Fear Tactics in Health Reform The Real News Network go to original September 17, 2009
Bishop Gene Robinson Pt.2: The struggle for reform should be fierce but never return "evil with evil"
Paul Jay speaks to Bishop Gene Robinson at the Tides Foundation's Momentum conference in San Francisco. They talk about the demonization of the two sides of the health reform debate. Robinson says that the "loving your enemy has nothing whatsoever to do with liking your enemy. For me, as a Christian, I am never given the license of treating my enemy as anything less than a child of God.
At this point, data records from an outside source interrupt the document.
(* Let $a,b,c,d\ge1$ be integers and let $$M=\begin{bmatrix}a&-1&-1&-1\\-1&b&-1&-1\\-1&-1&c&-1\\-1&-1&-1&d\end{bmatrix}.$$ If $\det M=0$ and two of $a,b,c,d$ equal $5$, then the other two are either $1$ and $5$ (in some order) or $2$ and $2$. *)

From mathcomp Require Import all_boot all_algebra.
Set Implicit Arguments. Unset Strict Implicit. Unset Printing Implicit Defensive.
Import GRing.Theory Num.Theory.
Local Open Scope ring_scope.

Definition Mmat (x : 'I_4 -> int) : 'M[int]_4 :=
  \matrix_(i < 4, j < 4) (if i == j then x i else -1).

Definition abcd (a b c d : int) (i : 'I_4) : int :=
  nth 0 [:: a; b; c; d] i.

From mathcomp Require Import all_boot all_algebra perm ring zify.
Import GRing.Theory Num.Theory.
Local Open Scope ring_scope.

(* Permuting rows and columns simultaneously leaves det M unchanged, so we may
   put the two 5's first.  With X_m = x_m + 1 one has det M = e_4(X) - e_3(X),
   which for X = (6, 6, p + 1, q + 1) equals 6 ((2p - 1)(2q - 1) - 9); so
   2p - 1 and 2q - 1 are complementary positive divisors of 9. *)

Lemma perm_of_uniq_tuple n (t : n.-tuple 'I_n) :
  uniq t -> exists s : 'S_n, forall m, s m = tnth t m.
Proof. by move=> /tuple_uniqP t_inj; exists (perm t_inj) => m; rewrite permE. Qed.

Lemma det_row_col_perm (R : comNzRingType) n (s : 'S_n) (A : 'M[R]_n) :
  \det (row_perm s (col_perm s A)) = \det A.
Proof.
rewrite row_permE col_permE !det_mulmx !det_perm odd_permV.
by rewrite mulrCA -expr2 sqrr_sign mulr1.
Qed.

Lemma eq_Mmat {x y : 'I_4 -> int} : x =1 y -> Mmat x = Mmat y.
Proof. by move=> exy; apply/matrixP=> i j; rewrite !mxE !exy. Qed.

Lemma Mmat_comp_perm (x : 'I_4 -> int) (s : 'S_4) :
  Mmat (x \o s) = row_perm s (col_perm s (Mmat x)).
Proof. by apply/matrixP=> i j; rewrite !mxE (inj_eq perm_inj). Qed.

Lemma det_Mmat_comp_perm (x : 'I_4 -> int) (s : 'S_4) :
  \det (Mmat (x \o s)) = \det (Mmat x).
Proof. by rewrite Mmat_comp_perm det_row_col_perm. Qed.

Lemma det_Mmat_abcd (a b c d : int) :
  \det (Mmat (abcd a b c d)) =
  (a + 1) * (b + 1) * (c + 1) * (d + 1)
  - ((b + 1) * (c + 1) * (d + 1) + (a + 1) * (c + 1) * (d + 1)
     + (a + 1) * (b + 1) * (d + 1) + (a + 1) * (b + 1) * (c + 1)).
Proof.
do 3!rewrite !(expand_det_row _ ord0) !big_ord_recl !big_ord0 /cofactor.
by rewrite !det_mx11 !mxE /=; ring.
Qed.

Lemma abcd_comp_perm (x : 'I_4 -> int) (s : 'S_4) :
  x \o s =1 abcd (x (s 0)) (x (s 1)) (x (s 2)) (x (s 3)).
Proof. by case=> [[|[|[|[|m]]]] // Hm] /=; congr (x (s _)); apply: val_inj. Qed.

Lemma det_Mmat_two_fives_eq0 (p q : int) :
  \det (Mmat (abcd 5 5 p q)) = 0 <-> (2 * p - 1) * (2 * q - 1) = 9.
Proof.
have -> : \det (Mmat (abcd 5 5 p q)) = 6 * ((2 * p - 1) * (2 * q - 1) - 9).
  by rewrite det_Mmat_abcd; ring.
by split=> [/eqP|->]; rewrite ?subrr ?mulr0 // mulf_eq0 subr_eq0 => /orP[|/eqP].
Qed.

Lemma two_fives_diophantine (p q : int) : 1 <= p -> 1 <= q ->
  (2 * p - 1) * (2 * q - 1) = 9 ->
  (p = 1 /\ q = 5) \/ (p = 5 /\ q = 1) \/ (p = 2 /\ q = 2).
Proof.
move=> p_ge1 q_ge1 prod9.
have p_le5 : p <= 5 by nia.
have : p = 1 \/ p = 2 \/ p = 3 \/ p = 4 \/ p = 5 by lia.
by case=> [|[|[|[|]]]] ep; rewrite ep in prod9 *; lia.
Qed.

Theorem lemma3p9 (a b c d : int) :
  1 <= a -> 1 <= b -> 1 <= c -> 1 <= d ->
  \det (Mmat (abcd a b c d)) = 0 ->
  forall i j k l : 'I_4,
    uniq [:: i; j; k; l] ->
    abcd a b c d i = 5 -> abcd a b c d j = 5 ->
    (abcd a b c d k = 1 /\ abcd a b c d l = 5) \/
    (abcd a b c d k = 5 /\ abcd a b c d l = 1) \/
    (abcd a b c d k = 2 /\ abcd a b c d l = 2).
Proof.
move=> a_ge1 b_ge1 c_ge1 d_ge1 det0 i j k l uniq_ijkl xi5 xj5.
set x := abcd a b c d in det0 xi5 xj5 *.
have x_ge1 m : 1 <= x m by case: m => [[|[|[|[|m]]]]].
have [s s_ijkl] := @perm_of_uniq_tuple _ [tuple i; j; k; l] uniq_ijkl.
have [si sj sk sl] : [/\ s 0 = i, s 1 = j, s 2 = k & s 3 = l] by rewrite !s_ijkl.
have := det_Mmat_comp_perm x s.
rewrite det0 (eq_Mmat (abcd_comp_perm x s)) si sj sk sl xi5 xj5.
move/det_Mmat_two_fives_eq0.
exact: two_fives_diophantine (x_ge1 k) (x_ge1 l).
Qed.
I don't resort to the kinds of tactics that I would describe as immoral to fight an immoral attack on me. I think each side demonizes the other. I think the antidote to that is to believe, as I do, that that opposition comes out of fear, it actually doesn't come out of hatred. I think that what we've failed to do is to ask the question of "what are they afraid of?" and try to speak to that, not to the presenting issue."
Bio: Gene Robinson is the ninth bishop of the Diocese of New Hampshire in the Episcopal Church in the United States of America. He is considered the first internationally recognized and ordained a bishop in a major Christian denomination to be openly queer and non-celibate. In 2009 he gave the opening prayer at Barack Obama's inaugural concert at the Lincoln Memorial, and was later honored by the Gay & Lesbian Alliance Against Defamation (GLAAD) with the Stephen F. Kolzak Media Award.